Monthly Housing Market Update
- Home resales rebounded in June: Easing in social-distancing measures produced a quicker-than-expected recovery in home resales in June. Sales increased 63% from May, and were up 15% year over year. The year-over-year gain benefited from 2 additional weekdays this June relative to last.
- New listings continued to rise in June, but less than resales: New listings rose another 50% in June after surging 66% in May from April’s trough. In June, listings climbed back to within +90% of pre-shock February levels on a seasonally adjusted basis. The sales-to-new listings ratio bounced back to 0.64 after slipping to 0.58 in May.
- Prices holding up to-date: The composite price index rose 0.5% from May in June after holding flat the prior month. Prices were up 5.4% from a year ago, little changed from May. Price growth remained strong in Toronto and Montreal, but continued to decline from a year ago in Calgary.
- Despite more robust initial bounce-back, long-run housing market outlook still cloudy: Pent-up demand and supply over March and April, alongside lower interest rates and unprecedented government income supports, will maintain the floor for housing activity in the near-term.

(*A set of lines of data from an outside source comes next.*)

(* Let $1<\alpha<2$, $h>0$, and $(u_k)_{k\in\mathbb{Z}}$ real numbers with $\sum_{k\in\mathbb{Z}}|u_k|(1+|k|)^{1-\alpha}<\infty$. Set $\beta=2-\alpha$ and, for $j\in\mathbb{Z}$, $$I^L_j=h^{\beta}\sum_{m=0}^\infty u_{j-m}v_m^{(\beta)},\qquad I^R_j=h^{\beta}\sum_{m=0}^\infty u_{j+m}v_m^{(\beta)},$$ with $v_m^{(\beta)}$ as defined in the context. Then for every $i\in\mathbb{Z}$, $$-\left[c_L\,\frac{I^L_{i-1}-2I^L_i+I^L_{i+1}}{h^2}+c_R\,\frac{I^R_{i-1}-2I^R_i+I^R_{i+1}}{h^2}\right]=\frac{1}{h^{\alpha}}\sum_{k=-\infty}^{\infty}u_{i+k}\,w_k^{(\alpha)},$$ with $w_k^{(\alpha)}$ as defined in the context, all series converging absolutely.
   Context: For $\beta>0$: $v_0^{(\beta)}=1/\Gamma(2+\beta)$ and $v_m^{(\beta)}=\big((m+1)^{1+\beta}-2m^{1+\beta}+(m-1)^{1+\beta}\big)/\Gamma(2+\beta)$ for $m\ge1$. For $1<\alpha<2$ and real $\theta$ with $|\theta|\le 2-\alpha$, set $c_L=\sin\frac{(\alpha-\theta)\pi}{2}/\sin(\alpha\pi)$ and $c_R=\sin\frac{(\alpha+\theta)\pi}{2}/\sin(\alpha\pi)$. For integer $n\ge 2$ put $\Delta_n^{(\alpha)}=(n+2)^{3-\alpha}-4(n+1)^{3-\alpha}+6n^{3-\alpha}-4(n-1)^{3-\alpha}+(n-2)^{3-\alpha}$ (with $0^{3-\alpha}=0$). Define $w_k^{(\alpha)}=\frac{-1}{\Gamma(4-\alpha)}\times$: $\Delta^{(\alpha)}_{|k|}\,c_L$ for $k\le -2$; $(3^{3-\alpha}-2^{5-\alpha}+6)c_L+c_R$ for $k=-1$; $(2^{3-\alpha}-4)(c_L+c_R)$ for $k=0$; $(3^{3-\alpha}-2^{5-\alpha}+6)c_R+c_L$ for $k=1$; $\Delta^{(\alpha)}_{k}\,c_R$ for $k\ge 2$. The left side is the central second difference of the discretized Weyl integrals of order $2-\alpha$, approximating the Riesz–Feller derivative $-[c_L\frac{d^2}{dx^2}{}_{-\infty}I_x^{2-\alpha}u+c_R\frac{d^2}{dx^2}{}_xI_{\infty}^{2-\alpha}u]$. *)

From Stdlib Require Import Reals ZArith.
From Coquelicot Require Import Coquelicot.
Open Scope R_scope.

Definition Gamma (x : R) : R :=
  RInt_gen (fun t => Rpower t (x - 1) * exp (- t)) (at_right 0) (Rbar_locally p_infty).

(* real power on [0,oo) with the convention 0^y = 0 (y > 0 in all uses) *)
Definition rpow (x y : R) : R := if Req_EM_T x 0 then 0 else Rpower x y.

Definition vcoef (beta : R) (m : nat) : R :=
  match m with
  | O => 1 / Gamma (2 + beta)
  | S _ => (rpow (INR m + 1) (1 + beta) - 2 * rpow (INR m) (1 + beta)
            + rpow (INR m - 1) (1 + beta)) / Gamma (2 + beta)
  end.

Definition cL (alpha theta : R) : R := sin ((alpha - theta) * PI / 2) / sin (alpha * PI).
Definition cR (alpha theta : R) : R := sin ((alpha + theta) * PI / 2) / sin (alpha * PI).

Definition Delta (alpha : R) (n : Z) : R :=
  let p := 3 - alpha in
  let x := IZR n in
  rpow (x + 2) p - 4 * rpow (x + 1) p + 6 * rpow x p - 4 * rpow (x - 1) p + rpow (x - 2) p.

Definition wcoef (alpha theta : R) (k : Z) : R :=
  let p := 3 - alpha in
  let c := (- 1) / Gamma (4 - alpha) in
  if (k <=? -2)%Z then c * (Delta alpha (Z.abs k) * cL alpha theta)
  else if (k =? -1)%Z then
    c * ((rpow 3 p - rpow 2 (5 - alpha) + 6) * cL alpha theta + cR alpha theta)
  else if (k =? 0)%Z then c * ((rpow 2 p - 4) * (cL alpha theta + cR alpha theta))
  else if (k =? 1)%Z then
    c * ((rpow 3 p - rpow 2 (5 - alpha) + 6) * cR alpha theta + cL alpha theta)
  else c * (Delta alpha k * cR alpha theta).

Definition zabs_summable (f : Z -> R) : Prop :=
  ex_series (fun n : nat => Rabs (f (Z.of_nat n))) /\
  ex_series (fun n : nat => Rabs (f (- Z.of_nat n - 1)%Z)).

Definition zsum (f : Z -> R) : R :=
  Series (fun n : nat => f (Z.of_nat n)) + Series (fun n : nat => f (- Z.of_nat n - 1)%Z).

Definition IweylL (h beta : R) (u : Z -> R) (j : Z) : R :=
  Rpower h beta * Series (fun m : nat => u (j - Z.of_nat m)%Z * vcoef beta m).
Definition IweylR (h beta : R) (u : Z -> R) (j : Z) : R :=
  Rpower h beta * Series (fun m : nat => u (j + Z.of_nat m)%Z * vcoef beta m).

From Pilot Require Import Defs.
From Stdlib Require Import Reals ZArith Lia Lra.
From Coquelicot Require Import Coquelicot.
Open Scope R_scope.

(* By the mean value theorem the second difference of m |-> m^(3-alpha) is
   O((m+1)^(1-alpha)), so |v_m| <= K (m+1)^(1-alpha); Peetre's inequality
   (1+|m|)^s <= (1+|j|)^(-s) (1+|j-m|)^s for s <= 0 then turns the weighted
   summability of u into absolute convergence of every Weyl sum.  The central
   second difference of j |-> sum_m u_(j-m) v_m is the convolution of u with the
   second difference of v extended by zero to Z; its coefficients, combined with
   cL and cR and the mirror image for the right sum, are exactly the w_k. *)

Lemma rpow_Rpower x y : 0 < x -> rpow x y = Rpower x y.
Proof. intro Hx. unfold rpow. destruct (Req_EM_T x 0); [lra | reflexivity]. Qed.

Lemma rpow_0_l y : rpow 0 y = 0.
Proof. unfold rpow. destruct (Req_EM_T 0 0); [reflexivity | lra]. Qed.

Lemma Rpower_1_l y : Rpower 1 y = 1.
Proof. unfold Rpower. rewrite ln_1, Rmult_0_r. apply exp_0. Qed.

Lemma Rpower_le_mul_inv a b c y : 0 < a -> 0 < c -> 0 < b <= a * c -> y <= 0 ->
  Rpower a y <= Rpower c (- y) * Rpower b y.
Proof.
  intros Ha Hc Hb Hy.
  assert (Hac : Rpower (a * c) y <= Rpower b y).
  { rewrite <- (Ropp_involutive y), (Rpower_Ropp (a * c)), (Rpower_Ropp b).
    apply Rinv_le_contravar; [apply exp_pos |]. apply Rle_Rpower_l; lra. }
  rewrite <- Rpower_mult_distr in Hac by assumption.
  rewrite Rpower_Ropp.
  assert (Hcy : 0 < Rpower c y) by apply exp_pos.
  apply Rmult_le_reg_l with (Rpower c y); [exact Hcy |].
  rewrite <- Rmult_assoc, Rinv_r by lra. nra.
Qed.

Lemma peetre_ineq s x y : s <= 0 ->
  Rpower (1 + Rabs (x + y)) s <= Rpower (1 + Rabs x) (- s) * Rpower (1 + Rabs y) s.
Proof.
  intro Hs.
  assert (Hy : Rabs y <= Rabs (x + y) + Rabs x).
  { replace y with ((x + y) + - x) at 1 by ring.
    rewrite <- (Rabs_Ropp x). apply Rabs_triang. }
  pose proof (Rabs_pos x). pose proof (Rabs_pos y). pose proof (Rabs_pos (x + y)).
  apply Rpower_le_mul_inv; [lra | lra | split; nra | exact Hs].
Qed.

(* Mean value theorem three times: the second difference equals
   [p (p-1) z^(p-2) (xi - eta)] with [x - 1 < z < x + 1] and [xi - eta < 2],
   and [x + 1 <= 3 z] because [x >= 2]. *)
Lemma Rpower_second_difference_bound p x : 1 < p < 2 -> 2 <= x ->
  Rabs (Rpower (x + 1) p - 2 * Rpower x p + Rpower (x - 1) p)
    <= 2 * p * (p - 1) * Rpower 3 (2 - p) * Rpower (x + 1) (p - 2).
Proof.
  intros Hp Hx.
  destruct (MVT_cor2 (fun t => Rpower t p) (fun t => p * Rpower t (p - 1)) x (x + 1))
    as [xi [Exi Hxi]]; [lra | intros c Hc; apply derivable_pt_lim_power; lra |].
  destruct (MVT_cor2 (fun t => Rpower t p) (fun t => p * Rpower t (p - 1)) (x - 1) x)
    as [eta [Eeta Heta]]; [lra | intros c Hc; apply derivable_pt_lim_power; lra |].
  destruct (MVT_cor2 (fun t => Rpower t (p - 1)) (fun t => (p - 1) * Rpower t (p - 1 - 1)) eta xi)
    as [z [Ez Hz]]; [lra | intros c Hc; apply derivable_pt_lim_power; lra |].
  cbv beta in *.
  replace (Rpower (x + 1) p - 2 * Rpower x p + Rpower (x - 1) p)
    with (p * (p - 1) * Rpower z (p - 2) * (xi - eta))
    by (replace (p - 2) with (p - 1 - 1) by ring; nra).
  assert (Hzb : Rpower z (p - 2) <= Rpower 3 (2 - p) * Rpower (x + 1) (p - 2)).
  { replace (2 - p) with (- (p - 2)) by ring. apply Rpower_le_mul_inv; lra. }
  assert (Hz0 : 0 < Rpower z (p - 2)) by apply exp_pos.
  assert (Hpp : 0 <= p * (p - 1)) by nra.
  rewrite Rabs_right by (apply Rle_ge, Rmult_le_pos; [apply Rmult_le_pos |]; lra).
  apply Rle_trans with (p * (p - 1) * Rpower z (p - 2) * 2).
  - apply Rmult_le_compat_l; [apply Rmult_le_pos |]; lra.
  - replace (2 * p * (p - 1) * Rpower 3 (2 - p) * Rpower (x + 1) (p - 2))
      with (p * (p - 1) * (Rpower 3 (2 - p) * Rpower (x + 1) (p - 2)) * 2) by ring.
    apply Rmult_le_compat_r; [lra |]. apply Rmult_le_compat_l; assumption.
Qed.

But longer-run risks remain given the possibility that labour market weakness outlives exceptional policy supports.
Resale activity continued to rebound impressively in June
A significant bounce-back in home resales in June had already been flagged by improvement from local real-estate boards, but is nonetheless impressive given the scale of the downturn over March and April. The 15.2% year-over-year surge in resales benefitted from 2 additional week-days this June relative to a year ago. All major markets posted double-digit increases in resales from May – sales in Quebec and BC were substantially above year-ago levels (led by Montreal and Vancouver). Toronto sales were still slightly below year-ago levels, likely reflecting the region lagging in terms of early easing of containment measures.
Markets shifting to give sellers the upper hand – but not evenly by region
Canada-wide new listings rose by less than resales (+5.4% year-over-year). The resulting increase in the sales-to-listings ratio tilted supply/demand conditions more significantly in favour of sellers in June – the sales-to-listings ratio edged up to 0.64 from 0.58 in May. In Ontario the increase in home listings has been stronger resulting in the sales-to-listings ratio below the national average. And the ratio remained relatively low in Vancouver.

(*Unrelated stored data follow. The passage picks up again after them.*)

(* Each neighbour of v other than t0 lies in S_2(x) and has a neighbour in
   N(x) \ {t0}, distinct ones for distinct neighbours since there is no C_4;
   avoiding t would inject d - 1 vertices into d - 2. *)
Lemma N2_closed_nbr_in_bunch t0 t v : e x t0 -> e x t -> t != t0 ->
  v \in X t0 -> N2_closed v -> exists2 w, w \in X t & e v w.
Proof.
move=> xt0 xt tt0 v_t0 v_closed; have v_nadj := bunch_nadj xt0 v_t0.
move: v_t0; rewrite in_bunch => /andP[vx t0v].
case: (boolP [exists w in X t, e v w]) => [/exists_inP //|no_w]; exfalso.
have : #|nbhd e v :\ t0| <= #|nbhd e x :\ t0 :\ t|.
  apply: (@leq_card_rel _ _ _ (fun y z => e z y)).
    move=> y; rewrite !inE => /andP[yt0 vy].
    have := v_closed y vy; rewrite !inE => /orP[xy|].
      have xv : x != v by rewrite eq_sym.
      by move: yt0; rewrite -(common_nbr_uniq xv xt0 t0v xy) ?eqxx // e_sym.
    case/andP=> /andP[yx _] /existsP[z /andP[xz zy]]; exists z => //.
    rewrite !inE xz andbT; apply/andP; split.
      apply: contraNneq no_w => zt.
      by apply/exists_inP; exists y; rewrite // in_bunch yx -zt.
    apply: contraTneq zy => ->; apply/negP => t0y.
    by apply: (triangle_free t0v vy); rewrite e_sym.
  move=> y y' z; rewrite !inE => /andP[_ vy] /andP[_ vy'] /andP[_ /andP[_ xz]] zy zy'.
  apply: (common_nbr_uniq (a := v) (b := z)); rewrite // 1?e_sym //.
  by apply: contraNneq v_nadj => ->.
have := cardsD1 t0 (nbhd e v); have := cardsD1 t0 (nbhd e x).
have := cardsD1 t (nbhd e x :\ t0); by rewrite !e_reg !inE tt0 xt xt0 e_sym t0v; lia.
Qed.

(* Otherwise matching each u in X_t with its neighbour in X_a, given by the
   previous lemma, would inject X_t into X_a \ {w}. *)
Lemma nbr_in_N2_closed_bunch t a w : e x t -> e x a -> a != t ->
  {in X t, forall u, N2_closed u} -> w \in X a -> exists2 u, u \in X t & e w u.
Proof.
move=> xt xa a_neq Xt_closed w_a.
case: (boolP [exists u in X t, e w u]) => [/exists_inP //|no_u]; exfalso.
have : #|X t| <= #|X a :\ w|.
  apply: (@leq_card_rel _ _ _ e) => [u u_t|u u' z u_t u'_t].
    have [z z_a uz] := N2_closed_nbr_in_bunch xt xa a_neq u_t (Xt_closed u u_t).
    exists z => //; rewrite !inE -in_bunch z_a andbT.
    by apply: contraNneq no_u => zw; apply/exists_inP; exists u; rewrite // e_sym -zw.
  rewrite inE => /andP[_ z_a] uz u'z.
  apply: (bunch_nbr_uniq (t := t) (w := z)); rewrite // 1?e_sym //.
  by apply: contraTneq (bunch_nadj xa z_a) => ->; rewrite xt.
by have := cardsD1 w (X a); rewrite w_a !card_bunch //; lia.
Qed.

Section Coloring.
Variables xi xj v0 : T.
Hypotheses (d_ge4 : 4 <= d) (x_xi : e x xi) (x_xj : e x xj) (xi_xj : xi != xj).
Hypotheses (v0_Xi : v0 \in X xi) (v0_closed : N2_closed v0).
Hypothesis Xj_closed : {in X xj, forall u, N2_closed u}.

Local Notation A := (nbhd e x).
Local Notation Xj := (X xj).

Definition beta w := nbr_in e Xj w.
Definition nbr_v0 s := nbr_in e (X s) v0.
Definition u0 := beta v0.
Definition sigma := next (enum (Xj :\ u0)).

(* Colours are vertices of N[x_j]: a vertex of a bunch X_a, a <> j, gets the
   colour of its neighbour in X_j, or x_j if it is adjacent to v0, while X_j is
   coloured through the fixed-point-free permutation [sigma] of X_j \ u0, so that
   no edge between X_j and another bunch is monochromatic. *)
Definition col z :=
  if z == x then x
  else if z == xi then xj
  else if z == xj then u0
  else if z \in A then beta (nbr_v0 z)
  else if z \in Xj then (if z == u0 then xj else sigma z)
  else if e v0 z then xj else beta z.

Lemma neq_of_nadj z s : ~~ e x z -> e x s -> z != s.
Proof. by move=> xz; apply: contraTneq => <-. Qed.

Lemma Xj_neq_xj y : y \in Xj -> y != xj.
Proof.
by rewrite in_bunch => /andP[_ xj_y]; apply: contraTneq xj_y => ->; rewrite e_irr.
Qed.

Lemma betaP a w : e x a -> a != xj -> w \in X a -> beta w \in Xj /\ e w (beta w).
Proof. by move=> xa a_xj w_a; apply: nbr_inP; apply: nbr_in_N2_closed_bunch w_a. Qed.

Lemma beta_eq a w u : e x a -> a != xj -> w \in X a -> u \in Xj -> e w u -> beta w = u.
Proof.
move=> xa a_xj w_a u_j wu; have [bj wb] := betaP xa a_xj w_a.
apply: (bunch_nbr_uniq (t := xj) (w := w)) => //.
by apply: neq_of_nadj (bunch_nadj xa w_a) x_xj.
Qed.

Lemma beta_inj a : e x a -> a != xj -> {in X a &, injective beta}.
Proof.
move=> xa a_xj w w' w_a w'_a E; have [bj wb] := betaP xa a_xj w_a.
have [_] := betaP xa a_xj w'_a; rewrite -E => w'b.
apply: (bunch_nbr_uniq (t := a) (w := beta w)); rewrite // 1?e_sym //.
exact: neq_of_nadj (bunch_nadj x_xj bj) xa.
Qed.

Lemma nbr_v0P s : e x s -> s != xi -> nbr_v0 s \in X s /\ e v0 (nbr_v0 s).
Proof. by move=> xs s_xi; apply: nbr_inP; apply: N2_closed_nbr_in_bunch v0_Xi v0_closed. Qed.

Lemma nbr_v0_eq s z : e x s -> s != xi -> z \in X s -> e v0 z -> z = nbr_v0 s.
Proof.
move=> xs s_xi z_s v0z; have [n_s v0n] := nbr_v0P xs s_xi.
apply: (bunch_nbr_uniq (t := s) (w := v0)) => //.
exact: neq_of_nadj (bunch_nadj x_xi v0_Xi) xs.
Qed.

Lemma u0P : u0 \in Xj /\ e v0 u0.
Proof. exact: betaP x_xi xi_xj v0_Xi. Qed.

Lemma sigmaP u : u \in Xj -> u != u0 -> [/\ sigma u \in Xj, sigma u != u0 & sigma u != u].
Proof.
move=> u_j u_u0; have u_enum : u \in enum (Xj :\ u0) by rewrite mem_enum in_setD1 u_u0.
have : sigma u \in Xj :\ u0 by rewrite -mem_enum /sigma mem_next.
rewrite in_setD1 => /andP[-> ->]; split=> //.
apply: next_neq u_enum; first exact: enum_uniq.
have := cardsD1 u0 Xj; rewrite -cardE (card_bunch x_xj) (proj1 u0P); lia.
Qed.

Lemma sigma_inj : injective sigma.
Proof. exact: can_inj (prev_next (enum_uniq _)). Qed.

Lemma beta_nbr_v0P s : e x s -> s != xi -> s != xj ->
  beta (nbr_v0 s) \in Xj /\ beta (nbr_v0 s) != u0.
Proof.
move=> xs s_xi s_xj; have [n_s v0n] := nbr_v0P xs s_xi; have [bj nb] := betaP xs s_xj n_s.
by split=> //; apply/eqP => E; apply: (triangle_free v0n nb); rewrite E e_sym (proj2 u0P).
Qed.

Lemma beta_nbr_v0_inj s s' :
  e x s -> s != xi -> s != xj -> e x s' -> s' != xi -> s' != xj ->
  beta (nbr_v0 s) = beta (nbr_v0 s') -> s = s'.
Proof.
move=> xs s_xi s_xj xs' s'_xi s'_xj E.
have [n_s v0n] := nbr_v0P xs s_xi; have [n'_s' v0n'] := nbr_v0P xs' s'_xi.
have [bj nb] := betaP xs s_xj n_s; have [_ n'b] := betaP xs' s'_xj n'_s'.
have v0_b : v0 != beta (nbr_v0 s).
  by apply: contraNneq (bunch_disjoint x_xi x_xj xi_xj v0_Xi) => ->.
have En : nbr_v0 s = nbr_v0 s'.
  by apply: (common_nbr_uniq v0_b); rewrite // 1?E // e_sym.
case: (eqVneq s s') => // ss'.
by move: (bunch_disjoint xs xs' ss' n_s); rewrite En n'_s'.
Qed.

Lemma nbr_eq_x s : e x s -> (s == x) = false.
Proof. by move=> xs; rewrite eq_sym; apply/negbTE/(adj_neq e_irr). Qed.

Lemma col_x : col x = x.
Proof. by rewrite /col eqxx. Qed.

Lemma col_xi : col xi = xj.
Proof. by rewrite /col nbr_eq_x // eqxx. Qed.

Lemma col_xj : col xj = u0.
Proof. by rewrite /col nbr_eq_x // eq_sym (negbTE xi_xj) eqxx. Qed.

Lemma col_nbhd s : e x s -> s != xi -> s != xj -> col s = beta (nbr_v0 s).
Proof.
by move=> xs s_xi s_xj; rewrite /col nbr_eq_x // (negbTE s_xi) (negbTE s_xj) inE xs.
Qed.

Lemma col_nadj z : z != x -> ~~ e x z -> col z =
  if z \in Xj then (if z == u0 then xj else sigma z) else if e v0 z then xj else beta z.
Proof.
move=> zx xz; rewrite /col (negbTE zx) (negbTE (neq_of_nadj xz x_xi)).
by rewrite (negbTE (neq_of_nadj xz x_xj)) inE (negbTE xz).
Qed.

Lemma col_Xj u : u \in Xj -> col u = if u == u0 then xj else sigma u.
Proof.
move=> u_j; move: (u_j); rewrite in_bunch => /andP[ux _].
by rewrite col_nadj ?u_j // (bunch_nadj x_xj u_j).
Qed.

Lemma col_bunch a z : e x a -> a != xj -> z \in X a -> col z = if e v0 z then xj else beta z.
Proof.
move=> xa a_xj z_a; move: (z_a); rewrite in_bunch => /andP[zx _].
by rewrite col_nadj ?(bunch_nadj xa z_a) // (negbTE (bunch_disjoint xa x_xj a_xj z_a)).
Qed.

Lemma col_Xi z : z \in X xi -> col z = beta z.
Proof.
move=> z_i; rewrite (col_bunch x_xi xi_xj z_i); case: ifP => // v0z; exfalso.
move: z_i v0_Xi; rewrite !in_bunch => /andP[_ xi_z] /andP[_ xi_v0].
by apply: (triangle_free v0z (_ : e z xi)); rewrite // e_sym.
Qed.

Lemma col_nbhd_Xj s : e x s -> s != xi -> col s \in Xj.
Proof.
move=> xs s_xi; case: (eqVneq s xj) => [->|s_xj]; first by rewrite col_xj (proj1 u0P).
by rewrite col_nbhd //; case: (beta_nbr_v0P xs s_xi s_xj).
Qed.

Lemma col_range z : z \in ball2 e x -> z != x -> col z \in xj |: Xj.
Proof.
move=> zB zx; rewrite in_setU1; case: (ball2_cases zB) => [zx'|xz|[a xa /andP[z_a _]]].
- by rewrite zx' eqxx in zx.
- case: (eqVneq z xi) => [->|z_xi]; first by rewrite col_xi eqxx.
  by rewrite col_nbhd_Xj ?orbT.
- case: (eqVneq a xj) => [a_xj|a_xj].
    subst a; rewrite col_Xj //; case: (eqVneq z u0) => [_|z_u0]; first by rewrite eqxx.
    by case: (sigmaP z_a z_u0) => -> _ _; rewrite orbT.
  rewrite (col_bunch xa a_xj z_a); case: ifP => _; first by rewrite eqxx.
  by rewrite (proj1 (betaP xa a_xj z_a)) orbT.
Qed.

Lemma col_inj_nbhd_x : {in A &, injective col}.
Proof.
apply: (in_inj_setD1 (a := xi)) => [|s]; last first.
  rewrite !inE col_xi => /andP[s_xi xs].
  exact: Xj_neq_xj (col_nbhd_Xj xs s_xi).
apply: (in_inj_setD1 (a := xj)) => [s s'|s]; rewrite !inE.
  move=> /and3P[s_xj s_xi xs] /and3P[s'_xj s'_xi xs'].
  by rewrite !col_nbhd //; apply: beta_nbr_v0_inj.
move=> /and3P[s_xj s_xi xs]; rewrite col_xj col_nbhd //.
by case: (beta_nbr_v0P xs s_xi s_xj).
Qed.

Lemma col_inj_nbhd_xi : {in cnbhd e xi :\ x &, injective col}.
Proof.
have rest z : z \in cnbhd e xi :\ x :\ xi -> z \in X xi.
  by rewrite !inE => /and3P[/negbTE-> -> //].
apply: (in_inj_setD1 (a := xi)) => [z z' /rest z_i /rest z'_i|z /rest z_i].
  by rewrite !col_Xi //; apply: (beta_inj x_xi xi_xj).
rewrite col_xi col_Xi //.
exact: Xj_neq_xj (proj1 (betaP x_xi xi_xj z_i)).
Qed.

Lemma col_inj_nbhd_xj : {in cnbhd e xj :\ x &, injective col}.
Proof.
have rest z : z \in cnbhd e xj :\ x :\ xj -> z \in Xj.
  by rewrite !inE => /and3P[/negbTE-> -> //].
have [u0_j _] := u0P.
apply: (in_inj_setD1 (a := xj)) => [|z /rest z_j]; last first.
  rewrite col_xj col_Xj //; case: (eqVneq z u0) => [_|z_u0].
    by rewrite eq_sym Xj_neq_xj.
  by case: (sigmaP z_j z_u0).
apply: (in_inj_setD1 (a := u0)) => [z z'|z].
  move=> /setD1P[z_u0 /rest z_j] /setD1P[z'_u0 /rest z'_j].
  by rewrite !col_Xj // (negbTE z_u0) (negbTE z'_u0); apply: sigma_inj.
move=> /setD1P[z_u0 /rest z_j]; rewrite !col_Xj // eqxx (negbTE z_u0).
by case: (sigmaP z_j z_u0) => /Xj_neq_xj.
Qed.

Low interest rates and policy supports keeping a floor under market near-term
The resilience of housing markets near-term is in sharp contrast to a labour market backdrop that, even with partial rebound over May and June is still exceptionally weak by historical comparison. But interest rates are also exceptionally low, household income supports (like CERB) have been unprecedentedly large, and the sharp pull-back in March and April almost certainly delayed transactions that would have occurred if not for containment measures. So part of the near-term bounce in June likely reflected the release of pent-up demand. Nonetheless, the early housing market recovery has been stronger than most expected, and it would not be surprising to see the momentum continue in July.
Yet longer-run outlook still clouded by uncertainty
The broader bounce-back in economic activity to-date appears to have been stronger-than-expected, but the pace and magnitude of the recovery going forward remains largely uncertain. That was one of the reasons the Bank of Canada signaled today that interest rates will stay low for the foreseeable future – but it also raises the risk that labour market weakness remains once past the expiry of mortgage deferrals and the phasing out of government support programs (including CERB) later this year. And disruptions to immigration flows could significantly weigh on housing demand relative to pre-shock expectations. We continue to expect the housing market to eventually soften once again – and for prices to decline modestly. But the near-term bounce-back in activity has been impressive nonetheless.